## [INSTRUCTIONS FOR THE TASK]
Once the line containing "series in q^p, and" is found in the entries below, reproduce it and every line after it, stopping at and including the line containing "Variable R : nzRingType."; reproduce nothing else, and keep each line exact.

## [AVAILABLE RECORDS]
┄┄┄┄┄┄┄┄┄┄┄┄┄┄┄┄┄┄┄┄

(* Let $p$ be a prime, $k\geq 1$, $j\geq 0$ integers, and $r$ an integer with $1\leq r\leq p-1$. If $d_k(pn+r)\equiv 0\pmod p$ for all $n\geq 0$, then $d_{pj+k}(pn+r)\equiv 0\pmod p$ for all $n\geq 0$.
   Context: For each integer $k\geq 1$, the numbers $d_k(n)$ are defined by $\sum_{n\geq 0} d_k(n)q^n = \frac{f_2^k}{f_1^{3k+1}}$, where $f_r = \prod_{i\geq 1}(1-q^{ri})$. *)

From mathcomp Require Import all_boot all_order all_algebra.
Set Implicit Arguments. Unset Strict Implicit. Unset Printing Implicit Defensive.
Import GRing.Theory.
Local Open Scope ring_scope.

(* Truncation of f_r = prod_{i>=1} (1 - q^{r i}) to the factors i = 1..N,
   as a polynomial over int.  Its coefficients of q^m agree with those of f_r
   for all m <= N (r >= 1). *)
Definition f_trunc (r N : nat) : {poly int} :=
  \prod_(1 <= i < N.+1) (1 - 'X^(r * i)).

(* Truncation of 1/f_1 = prod_{i>=1} 1/(1 - q^i) = prod_{i>=1} sum_{j>=0} q^{i j}
   to factors i = 1..N and geometric sums j = 0..N.  Its coefficients of q^m
   agree with those of 1/f_1 for all m <= N. *)
Definition inv_f1_trunc (N : nat) : {poly int} :=
  \prod_(1 <= i < N.+1) \sum_(0 <= j < N.+1) 'X^(i * j).

(* d_k(n) = coefficient of q^n in f_2^k / f_1^(3k+1). *)
Definition d (k n : nat) : int :=
  ((f_trunc 2 n) ^+ k * (inv_f1_trunc n) ^+ (3 * k + 1)) `_ n.

From mathcomp Require Import all_boot all_order all_algebra.
Set Implicit Arguments. Unset Strict Implicit. Unset Printing Implicit Defensive.
Import GRing.Theory.
Local Open Scope ring_scope.

(* Over F_p every series g satisfies g^p = g(q^p), and
   f_2^(pj+k) / f_1^(3(pj+k)+1) = (f_2^k / f_1^(3k+1)) * (f_2^j / f_1^(3j))^p.
   So modulo p the generating function of d_(pj+k) is that of d_k times a
   series in q^p, and such a factor preserves the vanishing of all
   coefficients of index = r (mod p).  Truncating the products at degree N
   changes no coefficient of degree <= N, so the argument runs with
   polynomials. *)

Section EqModXn.
Variable R : nzRingType.
Implicit Types a b c e : {poly R}.

Definition eqmodXn (m : nat) a b := forall i, (i < m)%N -> a`_i = b`_i.

Lemma eqmodXnD m a b c e : eqmodXn m a b -> eqmodXn m c e -> eqmodXn m (a + c) (b + e).
Proof. by move=> ab ce i im; rewrite !coefD ab // ce. Qed.

Lemma eqmodXnB m a b c e : eqmodXn m a b -> eqmodXn m c e -> eqmodXn m (a - c) (b - e).
Proof. by move=> ab ce i im; rewrite !coefB ab // ce. Qed.

Lemma eqmodXnM m a b c e : eqmodXn m a b -> eqmodXn m c e -> eqmodXn m (a * c) (b * e).
Proof.
move=> ab ce i im; rewrite !coefM; apply: eq_bigr => -[j /= ji] _.
by rewrite ab ?ce // (leq_ltn_trans _ im) // ?leq_subr // -ltnS (leq_trans ji).
Qed.

Lemma eqmodXnX m a b n : eqmodXn m a b -> eqmodXn m (a ^+ n) (b ^+ n).
Proof. by move=> ab; elim: n => [|n IH] //; rewrite !exprS; apply: eqmodXnM. Qed.

Lemma eqmodXn_Xn0 m t : (m <= t)%N -> eqmodXn m 'X^t 0.
Proof. by move=> mt i im; rewrite coefXn coef0 (ltn_eqF (leq_trans im mt)). Qed.

Lemma eqmodXn_prod m (I : Type) (s : seq I) (P : pred I) (F G : I -> {poly R}) :
  (forall i, P i -> eqmodXn m (F i) (G i)) ->
  eqmodXn m (\prod_(i <- s | P i) F i) (\prod_(i <- s | P i) G i).
Proof. by move=> FG; apply: (big_ind2 (eqmodXn m)) => //; apply: eqmodXnM. Qed.

Lemma eqmodXn_sum m (I : Type) (s : seq I) (P : pred I) (F G : I -> {poly R}) :
  (forall i, P i -> eqmodXn m (F i) (G i)) ->
  eqmodXn m (\sum_(i <- s | P i) F i) (\sum_(i <- s | P i) G i).
Proof. by move=> FG; apply: (big_ind2 (eqmodXn m)) => //; apply: eqmodXnD. Qed.

Lemma eqmodXn_prod1 m (I : Type) (s : seq I) (P : pred I) (F : I -> {poly R}) :
  (forall i, P i -> eqmodXn m (F i) 1) -> eqmodXn m (\prod_(i <- s | P i) F i) 1.
Proof. by move=> F1; have := eqmodXn_prod s F1; rewrite big1_eq. Qed.

Lemma eqmodXn_sum0 m (I : Type) (s : seq I) (P : pred I) (F : I -> {poly R}) :
  (forall i, P i -> eqmodXn m (F i) 0) -> eqmodXn m (\sum_(i <- s | P i) F i) 0.
Proof. by move=> F0; have := eqmodXn_sum s F0; rewrite big1_eq. Qed.

End EqModXn.

Lemma f_trunc_eqmodXn r n N : (0 < r)%N -> (n <= N)%N ->
  eqmodXn n.+1 (f_trunc r N) (f_trunc r n).
Proof.
move=> r_gt0 nN; rewrite /f_trunc (big_cat_nat _ (n := n.+1)) //=.
rewrite -[X in eqmodXn _ _ X]mulr1; apply: eqmodXnM => //.
rewrite big_nat_cond; apply: eqmodXn_prod1 => i /andP[/andP[ni _] _].
rewrite -[X in eqmodXn _ _ X]subr0; apply: eqmodXnB => //; apply: eqmodXn_Xn0.
by rewrite (leq_trans ni) // leq_pmull.
Qed.

Lemma inv_f1_trunc_eqmodXn n N : (n <= N)%N ->
  eqmodXn n.+1 (inv_f1_trunc N) (inv_f1_trunc n).
Proof.
move=> nN; rewrite /inv_f1_trunc (big_cat_nat _ (n := n.+1)) //=.
rewrite -[X in eqmodXn _ _ X]mulr1; apply: eqmodXnM.
  rewrite big_nat_cond [X in eqmodXn _ _ X]big_nat_cond.
  apply: eqmodXn_prod => i /andP[/andP[i_gt0 _] _].
  rewrite (big_cat_nat _ (n := n.+1)) //= -[X in eqmodXn _ _ X]addr0.
  apply: eqmodXnD => //; rewrite big_nat_cond.
  apply: eqmodXn_sum0 => j /andP[/andP[nj _] _].
  by apply: eqmodXn_Xn0; rewrite (leq_trans nj) // leq_pmull.
rewrite big_nat_cond; apply: eqmodXn_prod1 => i /andP[/andP[ni _] _].
rewrite big_ltn // muln0 expr0 -[X in eqmodXn _ _ X]addr0; apply: eqmodXnD => //.
rewrite big_nat_cond; apply: eqmodXn_sum0 => j /andP[/andP[j_gt0 _] _].
by apply: eqmodXn_Xn0; rewrite (leq_trans ni) // leq_pmulr.
Qed.

Definition d_poly (k N : nat) : {poly int} :=
  f_trunc 2 N ^+ k * inv_f1_trunc N ^+ (3 * k + 1).

Lemma coef_d_poly k n N : (n <= N)%N -> (d_poly k N)`_n = d k n.
Proof.
move=> nN; apply: (@eqmodXnM _ n.+1) => //; apply: eqmodXnX.
  exact: f_trunc_eqmodXn.
exact: inv_f1_trunc_eqmodXn.
Qed.

Lemma d_polyD k j N :
  d_poly (k + j) N = d_poly k N * (f_trunc 2 N * inv_f1_trunc N ^+ 3) ^+ j.
Proof.
rewrite /d_poly exprMn -exprM mulnDr -addnA [(3 * j + 1)%N]addnC addnA.
by rewrite !exprD mulrACA.
Qed.

Lemma poly_expp_comp (R : comNzRingType) p (b : {poly R}) :
  p \in [pchar R] -> (forall i, b`_i ^+ p = b`_i) -> b ^+ p = b \Po 'X^p.
Proof.
move=> pcharRp bF; have pcharRXp : p \in [pchar {poly R}] by rewrite pchar_poly.
rewrite -(pFrobenius_autE pcharRXp) -{1}(coefK b) poly_def rmorph_sum comp_polyE.
apply: eq_bigr => i _; rewrite /= pFrobenius_autE -!mul_polyC exprMn -polyC_exp.
by rewrite bF -!exprM mulnC.
Qed.

Lemma map_intr_expp_comp (R : comNzRingType) p (a : {poly int}) :
  p \in [pchar R] ->
  (map_poly intr a : {poly R}) ^+ p = map_poly intr a \Po 'X^p.
Proof.
move=> pcharRp; apply: poly_expp_comp => // i.
by rewrite coef_map /= -(pFrobenius_autE pcharRp) pFrobenius_aut_int.
Qed.

Lemma coef_mul_comp_Xn_eq0 (R : nzSemiRingType) (a b : {poly R}) p r N :
  (0 < p)%N -> (forall i, (i <= N)%N -> i = r %[mod p] -> a`_i = 0) ->
  forall i, (i <= N)%N -> i = r %[mod p] -> (a * (b \Po 'X^p))`_i = 0.
Proof.
move=> p_gt0 a0 i iN ir; rewrite coefM big1 // => -[j /= ji] _.
rewrite coef_comp_poly_Xn //; case: dvdnP => [[m jE]|_]; last by rewrite mulr0.
have ji' : (j <= i)%N by [].
rewrite a0 ?mul0r ?(leq_trans ji' iN) //.
by rewrite -ir -[in RHS](subnKC ji') jE addnC modnMDl.
Qed.

Theorem theorem4p4 (p k j r : nat) :
  prime p -> (1 <= k)%N -> (1 <= r)%N -> (r <= p - 1)%N ->
  (forall n : nat, (p%:Z %| d k (p * n + r))%Z) ->
  forall n : nat, (p%:Z %| d (p * j + k) (p * n + r))%Z.
Proof.
move=> p_pr _ _ r_le n_dk n.
have p_gt0 := prime_gt0 p_pr; have pcharFp := pchar_Fp p_pr.
have r_lt_p : (r < p)%N by rewrite (leq_ltn_trans r_le) // subn1 ltn_predL.
rewrite (dvdz_pcharf pcharFp) -(coef_d_poly _ (leqnn _)) -coef_map.
rewrite [(p * j + k)%N]addnC d_polyD [(p * j)%N]mulnC exprM.
rewrite rmorphM rmorphXn /= map_intr_expp_comp //.
apply/eqP/(coef_mul_comp_Xn_eq0 _ p_gt0 _ (leqnn _)); last by rewrite mulnC modnMDl.
move=> i iM ir; rewrite coef_map /= coef_d_poly //.
have -> : i = (p * (i %/ p) + r)%N by rewrite {1}(divn_eq i p) ir modn_small // mulnC.
by apply/eqP; rewrite -(dvdz_pcharf pcharFp).
Qed.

┄┄┄┄┄┄┄┄┄┄┄┄┄┄┄┄┄┄┄┄

## [EXERCISE RESPONSE]
   series in q^p, and such a factor preserves the vanishing of all
   coefficients of index = r (mod p).  Truncating the products at degree N
   changes no coefficient of degree <= N, so the argument runs with
   polynomials. *)

Section EqModXn.
Variable R : nzRingType.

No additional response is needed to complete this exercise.